Too mulch time on plowsite, not enuf time chekin equipment.....?..?..trying to make useful posts for once...your wellcum btw


----------



## Mark Oomkes (Dec 10, 2000)

I was hoping you would answer...


----------



## plow4beer (Nov 16, 2016)

Seriously though, how old are these vehicles this is happening on.?


----------



## John_DeereGreen (Jan 2, 2011)

Aluminum or steel wheels?


----------



## Ajlawn1 (Aug 20, 2009)

My 5500 rears started doing that this year too... First time, but now we did take them off for tire replacement and brake work. Now when we did put them back on we did use a pipe and breaker bar to tighten.....


----------



## Mr.Markus (Jan 7, 2010)

It happens more with duallys, pretty expensive way to learn to get in the habit of checking them, even if its once a month, timed properly it gets you out of the house at the perfect time to save your sanity.


----------



## plow4beer (Nov 16, 2016)

Ajlawn1 said:


> My 5500 rears started doing that this year too... First time, but now we did take them off for tire replacement and brake work. Now when we did put them back on we did use a pipe and breaker bar to tighten.....

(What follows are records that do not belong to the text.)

(* Let $N\ge2$. The period $T^{G_3,M}_N$ of the M-type 3-state Grover walk on $C_N$ equals $6$ if $N=3$ and $\infty$ otherwise. The period $T^{G_3,F}_N$ of the F-type 3-state Grover walk on $C_N$ equals $4$ if $N=3$ and $\infty$ otherwise.
   Context: For $N\ge2$, vertices of the cycle $C_N$ are $\mathbb{Z}/N\mathbb{Z}$. The state space of a 3-state walk is $\mathbb{C}^N\otimes\mathbb{C}^3$ with orthonormal basis $|x\rangle\otimes|\leftarrow\rangle,\ |x\rangle\otimes|\cdot\rangle,\ |x\rangle\otimes|\rightarrow\rangle$ ($x\in\mathbb{Z}/N\mathbb{Z}$). The shift $S$ acts by $S(|x\rangle\otimes|\leftarrow\rangle)=|x-1\rangle\otimes|\leftarrow\rangle$, $S(|x\rangle\otimes|\rightarrow\rangle)=|x+1\rangle\otimes|\rightarrow\rangle$, $S(|x\rangle\otimes|\cdot\rangle)=|x\rangle\otimes|\cdot\rangle$ (mod $N$). For a unitary $3\times3$ local coin $A$ (in the ordered basis $(|\leftarrow\rangle,|\cdot\rangle,|\rightarrow\rangle)$) the time-evolution operator is $U=S(I_N\otimes A)$. The M-type Grover walk uses $A^{G_3,M}=\frac13\begin{bmatrix}-1&2&2\\2&-1&2\\2&2&-1\end{bmatrix}$ and the F-type Grover walk uses $A^{G_3,F}=\frac13\begin{bmatrix}2&2&-1\\2&-1&2\\-1&2&2\end{bmatrix}$; the resulting operators are $U^{G_3,M}_N$ and $U^{G_3,F}_N$. The period of a walk with time-evolution operator $U$ is $\inf\{n\ge1:U^n=I\}$, or $\infty$ if no such $n$ exists. *)

From HB Require Import structures.
From mathcomp Require Import all_boot all_order all_algebra all_field.
Set Implicit Arguments. Unset Strict Implicit. Unset Printing Implicit Defensive.
Import Order.TTheory GRing.Theory Num.Theory.
Local Open Scope ring_scope.

(* State space C^N (x) C^3 is represented as N x 3 matrices psi, with
   psi x c the coefficient of |x> (x) |c>, where the coin basis is ordered
   0 = |<-| , 1 = |.| , 2 = |->| ; vertices 'I_N = Z/NZ (ordS = +1, ord_pred = -1). *)
Definition state (N : nat) := 'M[algC]_(N, 3).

I've always been told the most common cause is overtightening then


----------



## plow4beer (Nov 16, 2016)

markO, do you guys hand tighten, air impact, or elec impact to install the nutz ? Personally I’ve found air impacts to be the fastest but the most finicky and inconsistent...but that’s just my experiences


----------



## Philbilly2 (Aug 25, 2007)

plow4beer said:


> I've always been told the most common cause is overtightening then


That was the reason that my outside drivers side dual passed me one night going to salt in a 1 ton...

Stretched the lugs.


----------



## Mark Oomkes (Dec 10, 2000)

plow4beer said:


> Seriously though, how old are these vehicles this is happening on.?


Old

Steel


----------



## Ajlawn1 (Aug 20, 2009)

plow4beer said:


> I've always been told the most common cause is overtightening then


After tire replacement we impacted and they were loose that week... Did the brakes, now they stand on pipes and haven't had an issue yet... So no clue....


----------



## Philbilly2 (Aug 25, 2007)

did you recently steel some work from someone???

Maybe revenge??


----------



## Ajlawn1 (Aug 20, 2009)

Philbilly2 said:


> did you recently steel some work from someone???
> 
> Maybe revenge??


I could think of a million easier ways then trying to break loose some rusty azz lug nuts....lol


----------



## fhafer (Jan 31, 2014)

I'd be checking security tapes of the yard if available. Too many coincidences.


----------



## Defcon 5 (Mar 20, 2014)

Depending on how old the studs and lugs are...Replace studs and lugs if you have owned it for a while or you don't know how long it's been since replacement...Visual inspections everytime the truck is started...Look for rust around lugs...Wear on the rims around lug holes...Also have to make sure wheel bearings are all in good shape


----------



## JMHConstruction (Aug 22, 2011)

Had this happen on my first enclosed trailer my first year in business. I noticed some clunking, then saw a tire rolling across the road out of my mirror.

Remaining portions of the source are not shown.